Example (102100 is the WKID for the Web Mercator projection):
out_sr=102100
airports[0]['address'], airports[0]['location']
For instance, the default output spatial reference is WGS84 with the WKID shown as 4326 (as shown in the previous cell). If we specify the out_sr
as 102100, then the x/y coordinates being returned by batch_geocode()
is now in Web Mercator, as displayed below:
airports_2 = batch_geocode(["LAX", "SFO", "ONT", "FAT", "LGB"],
category="airport",
out_sr=102100)
airports_2[0]['address'], airports_2[0]['location']
How to handle the response of error/exception¶
There are times when we see geocode()
, batch_geocode()
, or geocode_from_item()
having errors or exceptions. In the next example, we will look at how to handle these instances. The next section attempts to perform geocode_from_item()
when the subscribed GIS
does not support batch_geocode
.
First, we can use the url as shown below, and confirm that there is no BatchGeocode
capability in the tasks
properties.
from arcgis.geoprocessing._tool import Toolbox
tbx = Toolbox(url=gis.properties.helperServices.geocode[0]["url"], gis=gis)
tbx.properties.tasks
If we force the usage of geocode_from_items()
with this geocoding service URL, the method will return an AttributeError
.
try:
fl_item = geocode_from_items(csv_item, output_type='Feature Layer',
geocode_service_url=gis.properties.helperServices.geocode[0]["url"],
geocode_parameters={"field_info": ['Addresses', 'TEXT', 255],
"column_names": ["Addresses"],
"field_mapping": ['Addresses', 'Address']
},
output_name="address_file_matching",
gis=gis)
display(fl_item)
except AttributeError as e:
print(e)
The solution is to change the active_gis
and the geocode_service_url
to ones that enables BatchGeocode
.
p_gis = GIS("<an alternative enterprise>", "user name", "password", verify_cert=False)

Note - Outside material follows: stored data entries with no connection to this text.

Lemma wact_segment (w : seq 'I_n.-1) c :
  wact (map ygen w) fset0 = Some (segment c (size w)) <-> map val w = rev (iota c (size w)).
Proof.
elim: w c => [|a w IHw] c.
  by split=> // _; congr Some; apply/fsetP => x; rewrite in_segment !inE /= addn0; lia.
have -> : rev (iota c (size (a :: w))) = (c + size w)%N :: rev (iota c (size w)).
  by rewrite [size _]/= -addn1 iotaD rev_cat.
rewrite /= /xact /=; split.
- case E: (wact (map ygen w) fset0) => [S|] //=.
  case: ifP => // /movableP[aS a1S _] [aSE].
  have memS x : x \in S = (x != val a) && (c <= x < c + (size w).+1)%N.
    have := congr1 (fun X => x \in X) aSE; rewrite in_segment !inE => <-.
    by case: eqP => // ->; rewrite (negbTE aS).
  have aE : val a = (c + size w)%N.
    have := memS (val a).+1; rewrite (negbTE a1S).
    by have := congr1 (fun X => val a \in X) aSE; rewrite in_segment !inE eqxx /=; lia.
  have SE : S = segment c (size w) by apply/fsetP => x; rewrite memS in_segment; lia.
  by rewrite aE; congr (_ :: _); apply/IHw; rewrite E SE.
- case=> aE /IHw ->; have {}aE : (a : nat) = (c + size w)%N := aE.
  rewrite /=; have -> : movable a a.+1 (segment c (size w)).
    by apply/movableP; split=> [||m]; rewrite ?in_segment; lia.
  by congr Some; apply/fsetP => x; rewrite !(inE, in_segment); lia.
Qed.

Lemma Pd_chain_up a d : (a + d <= n.-1)%N -> Pd (@An_rel k n) d (chain_pt (addn a)).
Proof.
move=> fit; apply: Pd_of_annihilators => [j jd|s t st].
  by exists (Ordinal (ltac:(lia) : (a + j < n.-1)%N)); rewrite /chain_pt unitv_nz /=.
exists (wact_coef (segment (a + s) t) false); split=> [|w <-].
  exact: wact_coef_annihilates.
rewrite evalw_chain_pt -iotaDl /wact_coef.
by congr (if _ then _ else _); apply/eqP/eqP => /wact_segment.
Qed.

Lemma Pd_chain_down b d : (d <= b.+1)%N -> (b < n.-1)%N ->
  Pd (@An_rel k n) d (chain_pt (subn b)).
Proof.
move=> db bn; apply: Pd_of_annihilators => [j jd|s t st].
  by exists (Ordinal (ltac:(lia) : (b - j < n.-1)%N)); rewrite /chain_pt unitv_nz /=.
exists (wact_coef (segment (b.+1 - (s + t)) t) true); split=> [|w wt].
  exact: wact_coef_annihilates.
subst t; rewrite evalw_chain_pt rev_map_subn_iota; last by lia.
rewrite /wact_coef /= -map_rev -[map _ w]/(map val w) -(size_rev w).
congr (if _ then _ else _); apply/eqP/eqP.
  by move/wact_segment; rewrite map_rev => /(congr1 rev); rewrite !revK.
by move=> wE; apply/wact_segment; rewrite map_rev wE.
Qed.

End SegmentFunctionals.

Section ChainCount.
Variables (k : fieldType) (n : nat).

(* chains start at 0, ..., n-d-1 going up, then at d-1, ..., n-2 going down *)
Definition chain_start (d a : nat) : nat -> nat :=
  if (a < n - d)%N then addn a else subn (a - (n - d) + d.-1).

Lemma Pd_chain_start d a : (2 <= d <= n - 1)%N -> (a < 2 * n - 2 * d)%N ->
  Pd (@An_rel k n) d (chain_pt (chain_start d a)).
Proof.
rewrite /chain_start => d_range a_lt; case: ifP => a_up.
  by apply: Pd_chain_up; lia.
by apply: Pd_chain_down; lia.
Qed.

Lemma chain_start_inj d a b : (2 <= d <= n - 1)%N ->
  (a < 2 * n - 2 * d)%N -> (b < 2 * n - 2 * d)%N ->
  pequiv d (chain_pt (chain_start d a) : pt k n.-1) (chain_pt (chain_start d b)) -> a = b.
Proof.
move=> d_range a_lt b_lt ab.
have same j : (j <= 1)%N -> chain_start d b j = chain_start d a j.
  move=> j1; have lt : (chain_start d a j < n.-1)%N by rewrite /chain_start; case: ifP; lia.
  have := pequiv_nz (Ordinal lt) ab (ltac:(lia) : (j < d)%N).
  by rewrite /chain_pt !unitv_nz /= eqxx => /eqP.
by move: (same 0%N isT) (same 1%N isT); rewrite /chain_start; do 2 case: ifP; lia.
Qed.

Lemma has_npoints_chains d : (2 <= d <= n - 1)%N ->
  (forall lam, Pd_An k n d lam ->
     exists a : 'I_(2 * n - 2 * d), pequiv d (chain_pt (chain_start d a)) lam) ->
  has_npoints d (Pd_An k n d) (2 * n - 2 * d).
Proof.
move=> d_range chains; exists (fun a => chain_pt (chain_start d a)).
split=> [a|]; first exact: Pd_chain_start.
by split=> // a b ab; apply: val_inj; apply: chain_start_inj ab.
Qed.

Lemma Pd_An_npoints d : (3 <= d <= n - 1)%N -> has_npoints d (Pd_An k n d) (2 * n - 2 * d).
Proof.
move=> d_range; apply: has_npoints_chains => [|lam lamP]; first by lia.
have [[a [fit lam_a]]|[b [db [bn lam_b]]]] := Pd_chain lamP (ltac:(lia) : (3 <= d)%N).
  exists (Ordinal (ltac:(lia) : (a < 2 * n - 2 * d)%N)).
  by rewrite /chain_start /=; case: ifP => //; lia.
exists (Ordinal (ltac:(lia) : (b - d.-1 + (n - d) < 2 * n - 2 * d)%N)).
rewrite /chain_start /=; case: ifP; first by lia.
by rewrite (_ : b - d.-1 + (n - d) - (n - d) + d.-1 = b)%N //; lia.
Qed.

Lemma Pd_An_empty d : (3 <= d)%N -> (n <= d)%N -> has_npoints d (Pd_An k n d) 0.
Proof.
move=> d3 nd; exists (fun _ _ _ => 0); split=> [[]|]; split=> [[]|lam lamP] //.
by have [[a []]|[b [? []]]] := Pd_chain lamP d3; lia.
Qed.

End ChainCount.

Section DegreeTwoFunctional.
Variables (k : fieldType) (n : nat) (lam : pt k n.-1).
Local Notation L := (coordn lam).
Hypothesis sq0 : forall i, L 1 i * L 0 i = 0.
Hypothesis comm0 : forall a b, (a.+2 <= b)%N -> L 1 a * L 0 b = L 1 b * L 0 a.

(* value on x_p x_q; off the words y_a y_b it is forced by the triangle relations *)
Definition psi2_gens (p q : nat * nat) : k :=
  if (p.2 == p.1.+1) && (q.2 == q.1.+1) then L 1 p.1 * L 0 q.1
  else if (p.2 == q.2) && (q.1 < p.1)%N then
    (if (p.1 == q.1.+1) && (p.2 == p.1.+1) then L 1 q.1 * L 0 p.1 else 0)
  else if (p.2 == q.2) && (p.1 < q.1)%N then
    (if (q.1 == p.1.+1) && (q.2 == q.1.+1) then L 1 q.1 * L 0 p.1 else 0)
  else 0.

Definition psi2 (w : seq (FKgen n)) : k :=
  if w is [:: g; h] then psi2_gens (val g) (val h) else 0.

Lemma psi2_FKrel (r : ncpoly k (FKgen n)) : FKrel r -> \sum_(cr <- r) cr.1 * psi2 cr.2 = 0.
Proof.
case/FKrelP=> [g|g h i j a b gv hv ij ab disj|g1 g2 g3 i j l v1 v2 v3 ijl|
               g1 g2 g3 i j l v1 v2 v3 ijl] ->; rewrite !big_cons big_nil /psi2 /psi2_gens /=.
- by rewrite eqxx ltnn !andbF; case: ifP => [/andP[/eqP -> _]|_]; rewrite ?sq0; ring.
- rewrite gv hv /=; case/and4P: disj => ia ib ja jb.
  rewrite (negbTE jb) [b == j]eq_sym (negbTE jb) /=.
  case: (eqVneq j i.+1) => [ji|_]; case: (eqVneq b a.+1) => [ba|_] /=; try ring.
  subst j b; case: (ltngtP i a) => [ia'|ai|ai]; last by rewrite ai eqxx in ia.
    by rewrite comm0; [ring | apply: contraNT ja; lia].
  by rewrite (comm0 (a := a)); [ring | apply: contraNT ib; lia].
- rewrite v1 v2 v3 /=.
  have [-> -> ->] : [/\ (j == l) = false, (l == i.+1) = false & (l == j) = false].
    by split; apply/eqP; lia.
  rewrite (_ : (i < j)%N) /= ?eqxx ?andbF /=; last by lia.
  by case: ifP => _; ring.
- rewrite v1 v2 v3 /=.
  have [-> -> -> ->] : [/\ (j == l) = false, (l == i.+1) = false, (l == j) = false
                        & (j < i)%N = false] by split; apply/eqP; lia.
  rewrite (_ : (i < j)%N) /= ?eqxx ?andbF /=; last by lia.
  by case: (j == i.+1); case: (l == j.+1); rewrite /=; ring.
Qed.
(* $\mathsf{COH}$ admits fairness preservation. That is, for all $A_0,A_1\subseteq2^{<\omega}$, every set $C$ fair for $A_0,A_1$, and every uniformly $C$-computable sequence $\vec R$, there is an $\vec R$-cohesive set $G$ with $G\oplus C$ fair for $A_0,A_1$.
   Context: An infinite set $G$ is $\vec R$-cohesive if for each $i$, $G\subseteq^* R_i$ or $G\subseteq^*\overline{R_i}$ (inclusion up to finitely many elements). Strings are finite binary strings, and $\preceq$ is the prefix relation. Two strings are incomparable if neither is a prefix of the other. Matrices. An $m$-by-$n$ matrix $M$ is an array of strings $\sigma_{i,j}$ ($i<m$, $j<n$), with rows $M(i)=(\sigma_{i,0},\dots,\sigma_{i,n-1})$. It is disjoint if each row consists of pairwise incomparable strings. Formulas. An $m$-by-$n$ formula is a formula with distinguished finite-set variables $U_{i,j}$. It is $\Sigma^{0,X}_1$ if it is $\Sigma^0_1$ relative to $X$. Valuations. An $M$-valuation is a tuple $V=(B_{i,j})$ of finite sets $B_{i,j}\subseteq\{\tau:\tau\succeq\sigma_{i,j}\}$. We write $\varphi(V)$ for $\varphi$ evaluated at $U_{i,j}:=B_{i,j}$, and $V(i)=(B_{i,0},\dots,B_{i,n-1})$. We write $V>s$ if all strings occurring in $V$ have length $>s$. Essential. $\varphi$ is essential in $M$ if for every $s$ there is an $M$-valuation $V>s$ with $\varphi(V)$. Diagonalization. An $M$-valuation $V$ diagonalizes against $A_0,A_1$ if for every $i<m$ there are components $L,R$ of $V(i)$ with $L\subseteq A_0$ and $R\subseteq A_1$. Fairness. For $n\ge1$, a set $X$ is $n$-fair for $A_0,A_1$ if the following holds: for every $m$, every $\Sigma^{0,X}_1$ $m$-by-$2^nm$ formula $\varphi$, and every $m$-by-$2^nm$ disjoint matrix $M$ in which $\varphi$ is essential, there is an $M$-valuation $V$ diagonalizing against $A_0,A_1$ with $\varphi(V)$. The set $X$ is fair if it is $n$-fair for some $n\ge1$. *)

From mathcomp Require Import all_boot.
Set Implicit Arguments. Unset Strict Implicit. Unset Printing Implicit Defensive.
Lemma reach_ear_back x i u n y : x < q -> 0 < i <= c -> n.+1 <= x ->
  reach_path e S pi (p i) u n.+1 y -> y n = p i.-1 ->
  (exists2 t, (t <= x) && (t < i) & u = p (i - t)) \/
  (i <= x /\ reach e S' pi' (x - i) (p 0) u).
Proof.
move=> ltxq lt_i lenx [y_path y0 yn y_int] y_prev.
have [_ _ q_nb _ _] := ear_of_rev ear.
have rev0 : (fun t => y (n.+1 - t)) 0 = (fun j => p (M.+1 - j)) (M.+1 - i).
  by rewrite /= subn0 subKn //; lia.
have rev1 : (fun t => y (n.+1 - t)) 1 = (fun j => p (M.+1 - j)) (M.+1 - i).+1.
  by rewrite /= subn1 /= y_prev; congr p; lia.
have walk := ipath_along_chain (ipath_rev e_sym y_path) q_nb rev0 rev1.
have y_walk t : t <= n.+1 -> t <= i -> y (n.+1 - t) = p (i - t).
  by move=> letn leti; rewrite (walk t) ?add0n //; [congr p | ]; lia.
case: (ltnP n.+1 i) => [ltni|leni].
  by left; exists n.+1; [lia | rewrite -y0 -(subnn n.+1) y_walk //; lia].
right; split; first lia.
have y_end : y (n.+1 - i) = p 0 by rewrite y_walk ?subnn.
have p0S' : p 0 \in S' := ear_of_end0 ear.
case: (eqVneq i n.+1) => [eq_in|neq_in].
  have -> : u = p 0 by rewrite -y0 -y_end eq_in subnn.
  exact: reach_refl.
have lt_u_p0 : pi u < pi (p 0) by rewrite -y_end; apply: y_int; lia.
have uS' : u \in S'.
  apply: contraLR lt_u_p0 => uS'; rewrite -leqNgt ltnW //.
  exact: extend_rank_old_lt_new.
have pre_path := ipath_prefix y_path (leq_subr i n.+1).
have stay := ipath_short_avoid_ear e_sym ear pre_path ltac:(lia)
  (etrans (congr1 _ y0) uS') (etrans (congr1 _ y_end) p0S').
have old := @extend_rank_old _ S' pi' rk B'.
split; first by rewrite -!old //; exact: ltnW.
exists (n.+1 - i), y; split; first lia.
split => //.
- by case: pre_path => y_adj y_inj _; split.
- by move=> k ltk; rewrite -!old ?y_int ?stay //; lia.
Qed.

Lemma reach_ear_forward x i u n y : x < q -> 0 < i <= c -> n.+1 <= x ->
  pi u <= pi (p i) -> reach_path e S pi (p i) u n.+1 y -> y n = p i.+1 ->
  (i < c) && (c - i <= x) /\ u = p c.
Proof.
move=> ltxq lt_i lenx le_u [y_path y0 yn y_int] y_next.
have [_ _ p_nb _ _] := ear.
have rev0 : (fun t => y (n.+1 - t)) 0 = p i by rewrite /= subn0.
have rev1 : (fun t => y (n.+1 - t)) 1 = p i.+1 by rewrite /= subn1.
have walk := ipath_along_chain (ipath_rev e_sym y_path) p_nb rev0 rev1.
have y_walk t : t <= n.+1 -> y (n.+1 - t) = p (i + t).
  by move=> letn; rewrite (walk t) ?add0n //; lia.
have u_end : u = p (i + n.+1) by rewrite -y0 -(subnn n.+1) y_walk.
have lt_end : 0 < i + n.+1 <= M by lia.
case: (ltngtP (i + n.+1) c) => [lt_c|gt_c|eq_c].
- by have := @rank_incr i (i + n.+1) ltac:(lia) ltac:(lia) lt_c; rewrite -u_end ltnNge le_u.
- case: (eqVneq i c) => [eq_ic|neq_ic].
    by have := center_min lt_end ltac:(lia); rewrite -u_end -eq_ic ltnNge le_u.
  have y_c : y (n.+1 - (c - i)) = p c by rewrite y_walk ?subnKC //; lia.
  have := y_int (n.+1 - (c - i)) ltac:(lia); rewrite y_c.
  by have := center_min lt_end ltac:(lia); rewrite -u_end; lia.
- by split; [apply/andP; split; lia | rewrite u_end eq_c].
Qed.
Lemma bcg_stildeS k :
  bcg_stilde A Sigma0 b x0 k.+1 = bcg_stilde_next A Sigma0 b x0 (bcg_dirs A Sigma0 b x0 k).
Proof. by []. Qed.

Lemma bcg_dirs_invariant m :
  A \in unitmx -> spd Sigma0 ->
  (forall k, (1 <= k <= m)%N -> bcg_stilde A Sigma0 b x0 k != 0) ->
  forall k, (k <= m)%N ->
  orthonormal M (bcg_dirs A Sigma0 b x0 k) /\ krylov_graded M r0 (bcg_dirs A Sigma0 b x0 k).
Proof.
move=> Au Sspd st0; have [MT Mpos] := spd_bcgM Au Sspd.
elim=> [|k IH] km; first by split.
have [sON sK] := IH (ltnW km); rewrite bcg_dirsS.
set s := bcg_dirs A Sigma0 b x0 k in sON sK *.
have st0k : bcg_stilde_next A Sigma0 b x0 s != 0 by rewrite -bcg_stildeS st0 ?km.
split.
  apply: orthonormal_rcons => // [j js|]; last exact/ipB_normalize/Mpos.
  by rewrite ipBZr bcg_stilde_next_orth // mulr0.
by apply/krylov_graded_rcons/in_krylovmxZ/bcg_stilde_next_krylov.
Qed.

Lemma bcg_error_orth s e :
  A \in unitmx -> Sigma0 \in unitmx -> orthonormal M s ->
  ipB (invmx Sigma0) (bcg_x A Sigma0 b x0 s - invmx A *m b)
      (Sigma0 *m A^T *m (Smx s *m e)) = 0.
Proof.
move=> Au Su sON.
have Aerr : A *m (bcg_x A Sigma0 b x0 s - invmx A *m b) = - residual s.
  by rewrite mulmxBr mulKVmx // opprB.
rewrite /ipB -!mulmxA mulKmx // mulmxA -trmx_mul Aerr mulmxA.
rewrite linearN /= !mulNmx -[_^T *m Smx s]trmxK trmx_mul trmxK.
by rewrite bcg_residual_Smx_orth // trmx0 mul0mx oppr0 mxE.
Qed.

End BayesCG.

Theorem proposition8 (R : realType) (d : nat) (A Sigma0 : 'M[R]_d)
  (b x0 : 'cV[R]_d) (m : nat) :
  A \in unitmx ->
  spd Sigma0 ->
  (0 < m)%N ->
  (forall k : nat, (1 <= k <= m)%N -> bcg_stilde A Sigma0 b x0 k != 0) ->
  let xstar := invmx A *m b in
  in_Kstar A Sigma0 b x0 m.-1 (bcg_mean A Sigma0 b x0 m) /\
  forall x : 'cV[R]_d, in_Kstar A Sigma0 b x0 m.-1 x ->
    normB (invmx Sigma0) (bcg_mean A Sigma0 b x0 m - xstar)
      <= normB (invmx Sigma0) (x - xstar).
Proof.
move=> Au Sspd m0 st0 xstar.
have [sON sK] := bcg_dirs_invariant Au Sspd st0 (leqnn m).
rewrite /bcg_mean; set s := bcg_dirs A Sigma0 b x0 m in sON sK *.
have sz : m.-1.+1 = size s by rewrite size_bcg_dirs prednK.
have SK := krylov_graded_Smx sK.
pose c := (Smx s)^T *m (b - A *m x0).
split.
  apply/in_KstarP; exists (Smx s *m c); last exact: bcg_x_orthonormal.
  by rewrite sz; apply: in_krylovmxMr.
move=> _ /in_KstarP[w + ->]; rewrite sz => wK.
have [C ->] := in_krylovmx_colspan (orthonormal_row_free sON) SK wK.
have -> : x0 + Sigma0 *m A^T *m (Smx s *m C) - xstar =
    bcg_x A Sigma0 b x0 s - xstar + Sigma0 *m A^T *m (Smx s *m (C - c)).
  rewrite [Smx s *m (_ - _)]mulmxBr mulmxBr bcg_x_orthonormal // -/c.
  by rewrite [RHS]addrAC -[x0 + _ + (_ - _)]addrA subrKC.
apply: normB_le_addr (spd_invmx Sspd) _.
exact: bcg_error_orth (spd_unitmx Sspd) _.
Qed.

p_gis.properties.helperServices.geocode[0]["url"]
try:
fl_item = geocode_from_items(csv_item, output_type='Feature Layer',
geocode_service_url=p_gis.properties.helperServices.geocode[0]["url"],
geocode_parameters={"field_info": ['Addresses', 'TEXT', 255],
"column_names": ["Addresses"],
"field_mapping": ['Addresses', 'Address']
},
output_name="address_file_matching",
gis=p_gis)
display(type(fl_item))
except AttributeError as e:
print(e)
Avoiding fallbacks¶
You can also use category filtering to avoid "low resolution" fallback matches. By default, if the World Geocoding Service cannot find a match for an input address, it will automatically search for a lower match level, such as a street name, city, or postal code. For batch geocoding, a user may prefer that no match is returned in these cases so that they are not charged for the geocode. If a user passes category="Point Address,Street Address" in a batch_geocode()
call, no fallback will occur if address matches cannot be found; the user will only be charged for the actual address matches.
Example: Batch geocode with fallback allowed (no category)¶
In the example below, the second address is not matched to a point address, but is matched to the city instead, due to fallback.
results = batch_geocode(["380 New York St Redlands CA 92373",
"? Stanford Dr Escondido CA"])
for result in results:
print("Score " + str(result['score']) + " : " + result['address'])
Example: Batch geocode with no fallback allowed (category="Point Address"
)¶
In the example below, as a point address match is not found for the second address, there is no low resolution fallback, as the category has been set to Point Address. As a result, no match is returned for the second address:
results = batch_geocode([ "380 New York St Redlands CA 92373",
"? Stanford Dr Escondido CA"],
category="Street Address")
for result in results:
print("Score " + str(result['score']) + " : " + result['address'])
Conclusions¶
In this Part 4, we have explored the usage of batch_geocode()
function and how the advanced parameters can help with fine-tuning and filtering the geocoded results.